It also considered the factors of risk in adopting the three, common types of software that may be considered "open" under this model:

  • Freedomware: Open source, open standard
  • Standardware: Closed source, open standard
  • Sourceware: Open source, closed standard

This leaves one remaining categorization, or so it would seem. Not all closed software vendors consider their software truly proprietary and of long-term value to their customers.

Like the term "open software", "closed software" is also relative. For the purpose of this article, closed software is software that does not use an open standard for its inherent data storage format, although it may support open standards (such as through import/export of open formats). This is the essence of proprietary, which is not necessarily anti-consumer, but simply means the copyright and all IP holders assign a value to the software that inhibits its full non-disclosure.

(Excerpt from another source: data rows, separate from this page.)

(** Write vectors of V^d in PBW coordinates f(k,l,s,c), the coefficient of
chi^c G^k K^l S^s v0.  The commutation relations turn P w = 0 and Q w = 0 into
linear recurrences for f.  Two of them at k = 0 combine into
(d + 1/2 - l) f(0,l,1,c) = 0, so a singular vector outside C[chi] v0 forces
d + 1/2 = l for some l: once all f(0,l,1,c) vanish, the recurrences kill every
coefficient outside C[chi] v0.  For existence, T = G^2 - 2mK commutes with P and
satisfies [Q,T] = 2(GX - mS), which gives Q (T^n u) = (1 + 2d - 2n) chi T^n v0
for u = (G - 2 chi S) v0, a vector killed by P.  For uniqueness, subtract from
a singular w the C[chi]-multiple of T^n u with the same coefficients at
(0, n, 1, .); the recurrences push the difference into C[chi] v0, where the
D-eigenvalue of w forces it to vanish. *)

Section Iterates.
Variables (R : pzRingType) (V : lmodType R).
Implicit Types (A C : V -> V) (B : {linear V -> V}).

Lemma iter_commute (f g : V -> V) k x :
  (forall v, f (g v) = g (f v)) -> f (iter k g x) = iter k g (f x).
Proof. by move=> fg; elim: k => //= k IH; rewrite fg IH. Qed.

Lemma iter_linearD B k x y : iter k B (x + y) = iter k B x + iter k B y.
Proof. by elim: k => //= k ->; rewrite linearD. Qed.

Lemma iter_linearZ B k a x : iter k B (a *: x) = a *: iter k B x.
Proof. by elim: k => //= k ->; rewrite linearZ. Qed.

Lemma iter_linear0 B k : iter k B 0 = 0.
Proof. by elim: k => //= k ->; rewrite linear0. Qed.

Lemma iter_linearN B k x : iter k B (- x) = - iter k B x.
Proof. by rewrite -scaleN1r iter_linearZ scaleN1r. Qed.

Lemma scale_iter_pred (f : V -> V) k x :
  k%:R *: f (iter k.-1 f x) = k%:R *: iter k f x.
Proof. by case: k => [|k]; rewrite ?scale0r. Qed.

Lemma scale_iter_predr (f : V -> V) k x :
  k%:R *: iter k.-1 f (f x) = k%:R *: iter k f x.
Proof. by case: k => [|k]; rewrite ?scale0r // iterSr. Qed.

Lemma iter_commutator A B C k y :
  (forall v, A (B v) = B (A v) + C v) -> (forall v, C (B v) = B (C v)) ->
  A (iter k B y) = iter k B (A y) + k%:R *: iter k.-1 B (C y).
Proof.
move=> AB CB; elim: k => [|k IH]; first by rewrite scale0r addr0.
rewrite /= AB IH linearD linearZ_LR (iter_commute _ _ CB) -addrA; congr (_ + _).
by rewrite scale_iter_pred -[k.+1]addn1 natrD scalerDl scale1r.
Qed.

Lemma iter_commutator_scale A B a k y :
  (forall v, A (B v) = B (A v) + a *: B v) ->
  A (iter k B y) = iter k B (A y) + (k%:R * a) *: iter k B y.
Proof.
move=> AB; elim: k => [|k IH]; first by rewrite mul0r scale0r addr0.
rewrite /= AB IH linearD linearZ_LR -addrA -scalerDl; congr (_ + _ *: _).
by rewrite -[k.+1]addn1 natrD mulrDl mul1r.
Qed.

End Iterates.

Section BoxSums.
Variable U : nmodType.
Implicit Types (f : nat -> U) (F : nat -> nat -> bool -> bool -> U).

Definition box_sum B F :=
  \sum_(k < B) \sum_(l < B) \sum_(s : bool) \sum_(c : bool) F k l s c.

Lemma eq_box_sum B F F' : (forall k l s c, F k l s c = F' k l s c) ->
  box_sum B F = box_sum B F'.
Proof.
move=> FF'; apply: eq_bigr => k _; apply: eq_bigr => l _.
by apply: eq_bigr => s _; apply: eq_bigr => c _.
Qed.

Lemma box_sumD B F F' :
  box_sum B (fun k l s c => F k l s c + F' k l s c) = box_sum B F + box_sum B F'.
Proof.
rewrite -big_split; apply: eq_bigr => k _; rewrite -big_split.
apply: eq_bigr => l _; rewrite -big_split; apply: eq_bigr => s _.
by rewrite -big_split.
Qed.

Lemma sum_ord_succ_shift f B : f 0%N = 0 -> f B = 0 ->
  \sum_(k < B) f k = \sum_(k < B) f k.+1.
Proof.
move=> f0 fB; rewrite -!(big_mkord xpredT).
have := @big_nat_recl _ 0 +%R B 0 f (leq0n B).
rewrite big_nat_recr //= f0 fB add0r addr0.
by move=> ->; rewrite big_mkord.
Qed.

Lemma sum_ord_pred_shift f B : f B.-1 = 0 ->
  \sum_(k < B) f k = \sum_(k < B) (if val k is k'.+1 then f k' else 0).
Proof.
case: B => [|B] /= fB; first by rewrite !big_ord0.
by rewrite big_ord_recr big_ord_recl /= fB addr0 add0r.
Qed.

Lemma box_sum_k_succ B F :
  (forall l s c, F 0%N l s c = 0) -> (forall l s c, F B l s c = 0) ->
  box_sum B F = box_sum B (fun k => F k.+1).
Proof.
move=> F0 FB; rewrite /box_sum (sum_ord_succ_shift
  (f := fun k => \sum_(l < B) \sum_(s : bool) \sum_(c : bool) F k l s c)) //.
  by rewrite big1 // => l _; rewrite big1 // => s _; rewrite big1.
by rewrite big1 // => l _; rewrite big1 // => s _; rewrite big1.
Qed.
(* Let $(\mathbb{X},\oplus,\otimes,\mathbb{0},\mathbb{1})$ be a linearly ordered, algebraically complete idempotent semifield, let $\bm{A}_1,\ldots,\bm{A}_m\in\mathbb{X}^{n\times n}$ be matrices and $w_1,\ldots,w_m\in\mathbb{X}$ scalars such that $\bm{B}=w_{1}(\bm{A}_{1}\oplus\bm{A}_{1}^{-})\oplus\cdots\oplus w_{m}(\bm{A}_{m}\oplus\bm{A}_{m}^{-})$ has no zero entries. Let $\mu$ be the spectral radius of $\bm{B}$ and $\bm{B}_{\mu}=\mu^{-1}\bm{B}$. Consider the problem of minimizing $\max_{1\le i\le m} w_i\, d(\bm{A}_i,\bm{x}\bm{x}^{-})$ (i.e. $\bigoplus_{i=1}^m w_i d(\bm{A}_i,\bm{x}\bm{x}^{-})$) over all regular vectors $\bm{x}\in\mathbb{X}^n$. Then the minimum value equals $\mu$, and the set of all solutions is $\{\bm{x}=\bm{B}_{\mu}^{\ast}\bm{u}:\bm{u}\in\mathbb{X}^n,\ \bm{u}\ne\bm{0}\}$.
   Context: An idempotent semifield is a set $\mathbb{X}$ with associative, commutative operations $\oplus$ (addition) and $\otimes$ (multiplication, usually omitted in writing) with neutral elements $\mathbb{0}$ and $\mathbb{1}$, multiplication distributing over addition, idempotent addition ($x\oplus x=x$), and every nonzero $x$ having an inverse $x^{-1}$ with $xx^{-1}=\mathbb{1}$. It is assumed linearly ordered by the order $x\le y \iff x\oplus y=y$, and algebraically complete: $x^p=a$ is solvable for every $a$ and integer $p>0$, so rational powers are defined. Matrix and vector operations (including scalar multiplication) use the usual formulas with $\oplus,\otimes$ in place of $+,\times$; $\bm{0}$ is the zero vector; a vector is regular if it has no zero entries. For a nonzero column vector $\bm{x}=(x_i)$, $\bm{x}^{-}$ is the row vector with entries $x_i^{-1}$ if $x_i\ne\mathbb{0}$ and $\mathbb{0}$ otherwise. For a nonzero matrix $\bm{A}=(a_{ij})$, $\bm{A}^{-}=(a^{-}_{ij})$ with $a^{-}_{ij}=a_{ji}^{-1}$ if $a_{ji}\neq\mathbb{0}$ and $\mathbb{0}$ otherwise. The trace is $\mathrm{tr}\,\bm{A}=a_{11}\oplus\cdots\oplus a_{nn}$. The distance between square matrices is $d(\bm{A},\bm{B})=\mathrm{tr}(\bm{B}^{-}\bm{A})\oplus\mathrm{tr}(\bm{A}^{-}\bm{B})$. $\bm{I}$ is the identity matrix, $\bm{A}^0=\bm{I}$, $\bm{A}^p=\bm{A}^{p-1}\bm{A}$. The spectral radius of $\bm{A}$ of order $n$ is $\lambda=\bigoplus_{k=1}^{n}\bigoplus_{1\le i_1,\ldots,i_k\le n}(a_{i_1i_2}a_{i_2i_3}\cdots a_{i_ki_1})^{1/k}$. For a square matrix $\bm{M}$ of order $n$, $\bm{M}^{\ast}=\bm{I}\oplus\bm{M}\oplus\cdots\oplus\bm{M}^{n-1}$. *)

(* An idempotent semifield is modelled as a commutative
   nontrivial semiring X (comNzSemiRingType: provides 0, 1, +, *, with
   associativity, commutativity, distributivity, 0 absorbing, 0 <> 1) together
   with hypotheses (stated in the theorem) of idempotency, inverses,
   linear order and algebraic completeness.  Here + is the paper's (+)
   (oplus) and * its (x) (otimes). *)
From HB Require Import structures.
From mathcomp Require Import all_boot all_order all_algebra.
From Stdlib Require Import ClassicalEpsilon.
Set Implicit Arguments. Unset Strict Implicit. Unset Printing Implicit Defensive.
Import GRing.Theory.
Local Open Scope ring_scope.

Section IdemSemifield.
Variable X : comNzSemiRingType.

Definition sle (x y : X) : Prop := x + y = y.

Definition sinv (x : X) : X := epsilon (inhabits 0) (fun y => x * y = 1).

(* k-th root (k > 0): some y with y^k = a (exists by algebraic completeness;
   it is unique in a linearly ordered idempotent semifield) *)
Definition sroot (k : nat) (a : X) : X := epsilon (inhabits 0) (fun y => y ^+ k = a).

Definition sinvz (x : X) : X := if x == 0 then 0 else sinv x.

Definition regular n (x : 'cV[X]_n) : Prop := forall i, x i 0 <> 0.

Definition vconj n (x : 'cV[X]_n) : 'rV[X]_n := \row_i sinvz (x i 0).

Definition mconj n (A : 'M[X]_n) : 'M[X]_n := \matrix_(i, j) sinvz (A j i).

Definition mdist n (A B : 'M[X]_n) : X :=
  \tr (mconj B *m A) + \tr (mconj A *m B).

Definition mxpow n (A : 'M[X]_n) (p : nat) : 'M[X]_n :=
  iter p (fun M => M *m A) 1%:M.

Definition mxstar n (M : 'M[X]_n) : 'M[X]_n := \sum_(k < n) mxpow M k.

(* spectral radius:
   (+)_{k=1}^n (+)_{i_1..i_k} (a_{i1 i2} ... a_{ik i1})^{1/k};
   a cycle of length k = j.+1 is a function s : 'I_k -> 'I_n, and the
   successor of position t is ordS t (cyclically). *)
Definition specrad n (A : 'M[X]_n) : X :=
  \sum_(j < n) \sum_(s : {ffun 'I_j.+1 -> 'I_n})
     sroot j.+1 (\prod_(t < j.+1) A (s t) (s (ordS t))).

End IdemSemifield.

Categorizing Closed Software

To begin, the most obvious categorization is the fourth extreme not listed under open software previously. Such software is commercially valued software, or commerceware, for short:

  • Commerceware: Closed source, closed standard.
  • Copyright and other IP of considerate value to, and not disclosed by holders.
  • Software prefers proprietary standards that are of value to holders
  • Proprietary source code that is well protected and maintained by holders.

Again, commerceware is not anti-consumer. Commerceware must offer the consumer value -- and repeat value -- or it will not sell, at least not long-term. As such, most viable commerceware is well maintained by its proprietary holder, including making newer versions being backward compatible with older versions. This is because commerceware does have a well-maintained set of source code and standards because they are of great, proprietary value to the holders.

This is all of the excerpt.